Task instructions
All that should come back is the lines of the data below from the one containing "[exists x in" to the one containing "Lemma contract_walk n", inclusive, exactly as they stand.
====================
(* Let $m \ge 2$ and $n \ge 2m-1$ be integers. Then for every real $r$ with $|r|<1$, $$\int_{-1}^1 \frac{U_n(s)(1-s^2)^{m-\frac{1}{2}}}{(s-r)^2}\,ds = \pi(-1)^{m}\left(\frac{1}{2}\right)^{2m-2}\sum_{j=0}^{2m-2}(-1)^j\binom{2m-2}{j}(n+3-2m+2j)\,U_{n+2-2m+2j}(r),$$ where the integral is a Hadamard finite-part integral.
   Context: $U_k(s)=\frac{\sin((k+1)\cos^{-1}s)}{\sin(\cos^{-1}s)}$ is the Tchebyshev polynomial of the second kind. For a positive integer $\alpha\ge 2$ and $|r|<1$, the integral $\int_{-1}^1 \frac{D(s)}{(s-r)^\alpha}ds$ is understood in the Hadamard finite-part sense; in particular it satisfies $\int_{-1}^1 \frac{D(s)}{(s-r)^{\alpha}}ds=\frac{1}{\alpha-1}\frac{d}{dr}\int_{-1}^1\frac{D(s)}{(s-r)^{\alpha-1}}ds$, where for $\alpha-1=1$ the right-hand integral is a Cauchy principal value. $\binom{a}{j}=\frac{a!}{j!(a-j)!}$. *)

From Stdlib Require Import Reals Lra.
From Coquelicot Require Import Coquelicot.
Open Scope R_scope.

Definition chebU (k : nat) (s : R) : R :=
  sin (INR (k + 1) * acos s) / sin (acos s).

Definition is_PV (D : R -> R) (r l : R) : Prop :=
  filterlim
    (fun eps => RInt (fun s => D s / (s - r)) (-1) (r - eps)
              + RInt (fun s => D s / (s - r)) (r + eps) 1)
    (at_right 0) (locally l).

(* Hadamard finite part of order 2:
   f.p. int_{-1}^1 D(s)/(s - r)^2 ds = d/dr PV int_{-1}^1 D(s)/(s - r) ds *)
Definition is_HFP2 (D : R -> R) (r l : R) : Prop :=
  exists P : R -> R,
    (forall x, -1 < x < 1 -> is_PV D x (P x)) /\ is_derive P r l.

(* With [s = cos t] the integrand is [sin ((n + 1) t) sin^(2m-2) t], which the
   product-to-sum formula expands into a combination of [sin (K t)] with
   [K = n + 3 - 2m + 2j >= 2].  As a function of [s], [sin (K acos s)] has principal
   value [- PI T_K(x)], where [T_K(cos t) = cos (K t)]: for [K = 1] by an explicit
   antiderivative, and in general by the recurrence
   [sin ((K + 2) t) = 2 cos t sin ((K + 1) t) - sin (K t)] together with
   [PV int s f(s) / (s - x) = int f + x PV int f(s) / (s - x)].  The finite part is the
   derivative of the principal value, and [T_K' = K U_(K-1)]. *)

From Stdlib Require Import Reals Lra Lia.
From Coquelicot Require Import Coquelicot.
Open Scope R_scope.

Lemma sin_acos_sqrt (x : R) : -1 <= x <= 1 -> sin (acos x) = sqrt (1 - x ^ 2).
Proof. intros Hx. rewrite sin_acos by lra. unfold Rsqr. f_equal. ring. Qed.

Lemma sin_acos_pos (x : R) : -1 < x < 1 -> 0 < sin (acos x).
Proof. intros Hx. pose proof (acos_bound_lt x Hx). apply sin_gt_0; lra. Qed.

Lemma acos_m1 : acos (-1) = PI.
Proof. unfold acos. destruct (Rle_dec (-1) (-1)); [reflexivity | lra]. Qed.

Lemma is_derive_acos (x : R) : -1 < x < 1 -> is_derive acos x (-1 / sqrt (1 - x ^ 2)).
Proof.
  intros Hx. apply is_derive_Reals.
  replace (1 - x ^ 2) with (1 - x²) by (unfold Rsqr; ring).
  rewrite <- (derive_pt_acos x Hx).
  destruct (derivable_pt_acos x Hx) as [l Hl]. exact Hl.
Qed.
Definition vec2 {R : realType} (x y : R) : 'cV[R]_2 :=
  \col_(i < 2) if (i : nat) == 0%N then x else y.

(* an affine map a + A : x |-> a + A x, with A an integer matrix *)
Definition affmap (R : realType) := ('cV[R]_2 * 'M[int]_2)%type.

Definition aff_apply {R : realType} (f : affmap R) (x : 'cV[R]_2) : 'cV[R]_2 :=
  f.1 + map_mx intr f.2 *m x.

Definition aff_comp {R : realType} (f g : affmap R) : affmap R :=
  (f.1 + map_mx intr f.2 *m g.1, f.2 *m g.2).

Definition aff_id {R : realType} : affmap R := (0, 1%:M).

Definition aff_pow {R : realType} (f : affmap R) (n : nat) : affmap R :=
  iter n (aff_comp f) aff_id.

(* a + A is in N_A(M): A in GL(2,Z) *)
Definition in_normalizer {R : realType} (f : affmap R) : Prop := f.2 \in unitmx.

Definition in_lattice {R : realType} (v : 'cV[R]_2) : Prop :=
  forall i : 'I_2, v i 0 \is a Num.int.

(* f_* = g_* as maps of the torus E^2/M : M(f x) = M(g x) for all x *)
Definition same_affinity {R : realType} (f g : affmap R) : Prop :=
  forall x, in_lattice (aff_apply f x - aff_apply g x).

Definition aff_order2 {R : realType} (f : affmap R) : Prop :=
  same_affinity (aff_pow f 2) aff_id /\ ~ same_affinity f aff_id.
(* Let $G$ and $A$ be finite groups with $A$ acting on $G$ by automorphisms, and let $B\leq A$ (acting on $G$ by restriction). (i) If $\Gamma(G,B)$ is connected of diameter $d$, then $\Gamma(G,A)$ is connected of diameter at most $d$. (ii) If $\Gamma(G,B)$ has $m$ connected components, then $\Gamma(G,A)$ has at most $m$ connected components.
   Context: For a finite group $A$ acting by automorphisms on a finite group $G$, the commuting graph of $A$-orbits $\Gamma(G,A)$ is the simple graph whose vertex set is the set $\{x^{A}: x\in G\setminus\{1\}\}$ of $A$-orbits on $G\setminus\{1\}$, two distinct vertices $\mathcal{O},\mathcal{O}'$ being adjacent if and only if there exist $x\in\mathcal{O}$ and $y\in\mathcal{O}'$ with $xy=yx$. *)

From mathcomp Require Import all_boot all_fingroup.
Set Implicit Arguments. Unset Strict Implicit. Unset Printing Implicit Defensive.
Local Open Scope group_scope.

Section Graphs.
Variable T : finType.

Definition grel (V : {set T}) (e : rel T) : rel T :=
  [rel x y | [&& x \in V, y \in V & e x y]].

Definition walk (V : {set T}) (e : rel T) (n : nat) (x y : T) : Prop :=
  x \in V /\ exists2 p : seq T, size p = n & path (grel V e) x p /\ last x p = y.

Definition diam_le (V : {set T}) (e : rel T) (d : nat) : Prop :=
  forall x y, x \in V -> y \in V -> exists2 n, n <= d & walk V e n x y.

Definition connected_graph (V : {set T}) (e : rel T) : Prop :=
  forall x y, x \in V -> y \in V -> exists n, walk V e n x y.

Definition has_diameter (V : {set T}) (e : rel T) (d : nat) : Prop :=
  diam_le V e d /\ (forall d', diam_le V e d' -> d <= d').

Definition components (V : {set T}) (e : rel T) : {set {set T}} :=
  [set [set y in V | connect (grel V e) x y] | x in V].
End Graphs.

(* An action of the group A on G by automorphisms is given by a morphism
   phi : A -> {perm gT} with phi @* A \subset Aut G. *)
Section CommutingGraph.
Variables (gT aT : finGroupType) (A : {group aT}).
Variable phi : {morphism A >-> {perm gT}}.

Definition orbitA (B : {set aT}) (x : gT) : {set gT} :=
  [set (phi a) x | a in B].

Definition orbit_vertices (G : {set gT}) (B : {set aT}) : {set {set gT}} :=
  [set orbitA B x | x in G^#].

Definition commuting_adj : rel {set gT} :=
  [rel O O' : {set gT} | (O != O') &&
     [exists x in O, [exists y in O', x * y == y * x]]].
End CommutingGraph.

From Pilot Require Import Defs.
From mathcomp Require Import all_boot all_fingroup.
Set Implicit Arguments. Unset Strict Implicit. Unset Printing Implicit Defensive.
Local Open Scope group_scope.

(* Sending each B-orbit to the A-orbit containing it maps the vertices of
   Gamma(G,B) onto those of Gamma(G,A), and adjacent B-orbits to A-orbits that
   are equal or adjacent.  Such a contraction shortens walks and maps
   connected components onto connected components. *)

Lemma diam_le_connected (T : finType) (V : {set T}) (e : rel T) d :
  diam_le V e d -> connected_graph V e.
Proof. by move=> dV x y xV yV; have [n _ w] := dV x y xV yV; exists n. Qed.

Section Contraction.
Variables (T U : finType) (V : {set T}) (W : {set U}).
Variables (e : rel T) (e' : rel U) (f : T -> U).
Hypothesis fV : f @: V = W.
Hypothesis f_edge :
  {in V &, forall x y, e x y -> (f x == f y) || e' (f x) (f y)}.

Lemma contract_vertex x : x \in V -> f x \in W.
Proof. by move=> xV; rewrite -fV imset_f. Qed.

Lemma contract_path x p : x \in V -> path (Defs.grel V e) x p ->
  exists2 q, size q <= size p &
    path (Defs.grel W e') (f x) q /\ last (f x) q = f (last x p).
Proof.
elim: p x => [|y p IHp] x xV /=; first by exists [::].
case/andP=> /and3P[_ yV exy] py.
have [q le_qp [pq lq]] := IHp y yV py.
have /orP[/eqP fxy | e'fxy] := f_edge xV yV exy.
  by exists q; [apply: leqW | rewrite fxy].
exists (f y :: q) => //=.
by rewrite /Defs.grel /= !contract_vertex ?e'fxy.
Qed.

Lemma contract_walk n x y :
  walk V e n x y -> exists2 m, m <= n & walk W e' m (f x) (f y).
Proof.
case=> xV [p sp [px lp]].
have [q le_qp [qfx lq]] := contract_path xV px.
exists (size q); first by rewrite -sp.
by split; [apply: contract_vertex | exists q; rewrite -?lp].
Qed.

Lemma contract_diam_le d : diam_le V e d -> diam_le W e' d.
Proof.
move=> dV u v; rewrite -{1 2}fV => /imsetP[x xV ->] /imsetP[y yV ->].
have [n le_nd /contract_walk[m le_mn w]] := dV x y xV yV.
by exists m => //; apply: leq_trans le_nd.
Qed.

Lemma contract_connect x y :
  x \in V -> connect (Defs.grel V e) x y -> connect (Defs.grel W e') (f x) (f y).
Proof.
move=> xV /connectP[p px ->].
by have [q _ [qfx <-]] := contract_path xV px; apply/connectP; exists q.
Qed.

Lemma card_components_contract : #|components W e'| <= #|components V e|.
Proof.
(* [h] needs no representative of [C]: on the component of [x] it is the
   component of [f x]. *)
pose h (C : {set T}) :=
  [set u in W | [exists y in C, connect (Defs.grel W e') (f y) u]].
apply: leq_trans (leq_imset_card h (components V e)).
apply/subset_leq_card/subsetP=> _ /imsetP[u + ->].
rewrite -{1}fV => /imsetP[x xV ->].
apply/imsetP; exists [set y in V | connect (Defs.grel V e) x y].
  exact: imset_f.
apply/setP=> v; rewrite !inE; apply: andb_id2l => _.
apply/idP/exists_inP=> [fxv | [y]].
  by exists x; rewrite ?inE ?xV ?connect0.
by rewrite inE => /andP[_ /(contract_connect xV)]; apply: connect_trans.
Qed.

End Contraction.

Lemma commuting_adj_subset (gT : finGroupType) (O O' P P' : {set gT}) :
  O \subset P -> O' \subset P' -> commuting_adj O O' ->
  (P == P') || commuting_adj P P'.
Proof.
move=> sOP sOP' /andP[_ /exists_inP[x xO /exists_inP[y yO cxy]]].
rewrite /commuting_adj /=; case: eqP => //= _.
apply/exists_inP; exists x; first exact: subsetP xO.
by apply/exists_inP; exists y; first exact: subsetP yO.
Qed.

Section OrbitContraction.
Variables (gT aT : finGroupType) (G : {group gT}) (A B : {group aT}).
Variable phi : {morphism A >-> {perm gT}}.
Hypothesis sBA : B \subset A.

Lemma orbitAE (C : {set aT}) x : orbitA phi C x = orbit <<phi>> C x.
Proof. by []. Qed.

Definition coarse_orbit (O : {set gT}) : {set gT} := orbitA phi A (repr O).

Lemma orbitA_subset x : orbitA phi B x \subset orbitA phi A x.
Proof. exact: imsetS. Qed.

Lemma coarse_orbitA x : coarse_orbit (orbitA phi B x) = orbitA phi A x.
Proof.
rewrite /coarse_orbit !orbitAE; apply/orbit_in_eqP; first exact: subxx.
rewrite -orbitAE; apply: subsetP (orbitA_subset x) _ _.
by apply: (mem_repr x); rewrite orbitAE orbit_refl.
Qed.

Lemma coarse_orbit_vertices :
  coarse_orbit @: orbit_vertices phi G B = orbit_vertices phi G A.
Proof. by rewrite -imset_comp; apply: eq_imset => x /=; rewrite coarse_orbitA. Qed.

Lemma coarse_orbit_adj : {in orbit_vertices phi G B &, forall O O',
  commuting_adj O O' ->
  (coarse_orbit O == coarse_orbit O') || commuting_adj (coarse_orbit O) (coarse_orbit O')}.
Proof.
move=> _ _ /imsetP[x _ ->] /imsetP[y _ ->].
by apply: commuting_adj_subset; rewrite coarse_orbitA orbitA_subset.
Qed.

End OrbitContraction.

Theorem lemma2p1 (gT aT : finGroupType) (G : {group gT}) (A B : {group aT})
    (phi : {morphism A >-> {perm gT}}) :
  phi @* A \subset Aut G ->
  B \subset A ->
  (forall d : nat,
      has_diameter (orbit_vertices phi G B) (@commuting_adj gT) d ->
      connected_graph (orbit_vertices phi G A) (@commuting_adj gT) /\
      diam_le (orbit_vertices phi G A) (@commuting_adj gT) d) /\
  (forall m : nat,
      #|components (orbit_vertices phi G B) (@commuting_adj gT)| = m ->
      #|components (orbit_vertices phi G A) (@commuting_adj gT)| <= m).
Proof.
move=> _ sBA.
have onto := coarse_orbit_vertices G phi sBA.
have adj := coarse_orbit_adj (G := G) (phi := phi) sBA.
split=> [d [dB _] | m <-].
  have dA := contract_diam_le onto adj dB.
  by split; first exact: diam_le_connected dA.
exact: card_components_contract onto adj.
Qed.
(* The terms [L + beta^T G] of [Hik] merge into one directional derivative of the
   Hamiltonian, in the direction [(beta, [k = i])]. *)
Definition HikU (i k : nat) (l a b : 'rV[R]_n) (q : U) : R :=
  'D_((b, (k == i)%:R) : U) (ham l) q + \sum_(m < n) a 0 m * F_U m q.

Lemma HikE i k x u l a b : Hik Phi F i k x u l a b = HikU i k l a b (x, u).
Proof.
have [H1 H2] := twice_differentiable_ham l.
rewrite /Hik /HikU /Lf (derive1_slice_u (g := ham l)) // (pair_splitE b).
rewrite derive_dirD // derive_dirZ // [dotv b _]dotvC (dotv_grad_slice (g := ham l)) //.
by case: (k == i); rewrite ?scale1r ?scale0r /dotv /F_U /=; ring.
Qed.

Lemma derive_HikU i k l a b w q : 'D_w (HikU i k l a b) q =
  'D_w ('D_((b, (k == i)%:R) : U) (ham l)) q + \sum_(m < n) a 0 m * 'D_w (F_U m) q.
Proof.
apply: derive_lincomb; first by case: (twice_differentiable_ham l) => _; apply.
by move=> m; case: (twice_differentiable_F_U m).
Qed.

Lemma differentiable_HikU i k l a b q : differentiable (HikU i k l a b) q.
Proof.
apply: differentiable_lincomb; first by case: (twice_differentiable_ham l) => _; apply.
by move=> m; case: (twice_differentiable_F_U m).
Qed.

Lemma dotv_grad_Hik i k x u l a b w :
  dotv (grad (fun y => Hik Phi F i k y u l a b) x) w =
  'D_((w, 0) : U) (HikU i k l a b) (x, u).
Proof.
rewrite (_ : (fun y => _) = fun y => HikU i k l a b (y, u)).
  exact: dotv_grad_slice (differentiable_HikU _ _ _ _ _ _).
by apply: funext => y; rewrite HikE.
Qed.

Lemma ctrl_ev (j : 'I_N.+1) k : (k < N.+1)%N -> ctrl (ev R j) k = (k == j)%:R.
Proof. by move=> kN; rewrite /ctrl /ev mxE eqxx -val_eqE /= inordK. Qed.

Lemma sum_ctrl_ev_mul (j : 'I_N.+1) (f : 'I_N.+1 -> R) :
  \sum_(k < N.+1) ctrl (ev R j) k * f k = f j.
Proof.
rewrite (bigD1 j) //= big1 => [|k kj]; rewrite ctrl_ev ?eqxx ?mul1r ?addr0 //.
by rewrite val_eqE (negbTE kj) mul0r.
Qed.

Section HessianRow.
Variables (z : Z) (i : 'I_N.+1) (alpha beta : nat -> 'rV[R]_n).
Local Notation x := (state F x0 z).
Local Notation u := (ctrl z).
Local Notation lam := (costate Phi F x0 z).
Hypothesis beta0 : beta 0%N = 0.
Hypothesis betaS : forall k, (k < N)%N ->
  beta k.+1 = grad (fun l => Hik Phi F i k (x k) (u k) l (alpha k.+1) (beta k)) (lam k.+1).
Hypothesis alpha_last : alpha N.+1 = 0.
Hypothesis alphaE : forall k, (1 <= k <= N)%N ->
  alpha k = grad (fun y => Hik Phi F i k y (u k) (lam k.+1) (alpha k.+1) (beta k)) (x k).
====================
Solution for this task
     [exists x in O, [exists y in O', x * y == y * x]]].
End CommutingGraph.

From Pilot Require Import Defs.
From mathcomp Require Import all_boot all_fingroup.
Set Implicit Arguments. Unset Strict Implicit. Unset Printing Implicit Defensive.
Local Open Scope group_scope.

(* Sending each B-orbit to the A-orbit containing it maps the vertices of
   Gamma(G,B) onto those of Gamma(G,A), and adjacent B-orbits to A-orbits that
   are equal or adjacent.  Such a contraction shortens walks and maps
   connected components onto connected components. *)

Lemma diam_le_connected (T : finType) (V : {set T}) (e : rel T) d :
  diam_le V e d -> connected_graph V e.
Proof. by move=> dV x y xV yV; have [n _ w] := dV x y xV yV; exists n. Qed.

Section Contraction.
Variables (T U : finType) (V : {set T}) (W : {set U}).
Variables (e : rel T) (e' : rel U) (f : T -> U).
Hypothesis fV : f @: V = W.
Hypothesis f_edge :
  {in V &, forall x y, e x y -> (f x == f y) || e' (f x) (f y)}.

Lemma contract_vertex x : x \in V -> f x \in W.
Proof. by move=> xV; rewrite -fV imset_f. Qed.

Lemma contract_path x p : x \in V -> path (Defs.grel V e) x p ->
  exists2 q, size q <= size p &
    path (Defs.grel W e') (f x) q /\ last (f x) q = f (last x p).
Proof.
elim: p x => [|y p IHp] x xV /=; first by exists [::].
case/andP=> /and3P[_ yV exy] py.
have [q le_qp [pq lq]] := IHp y yV py.
have /orP[/eqP fxy | e'fxy] := f_edge xV yV exy.
  by exists q; [apply: leqW | rewrite fxy].
exists (f y :: q) => //=.
by rewrite /Defs.grel /= !contract_vertex ?e'fxy.
Qed.

Lemma contract_walk n x y :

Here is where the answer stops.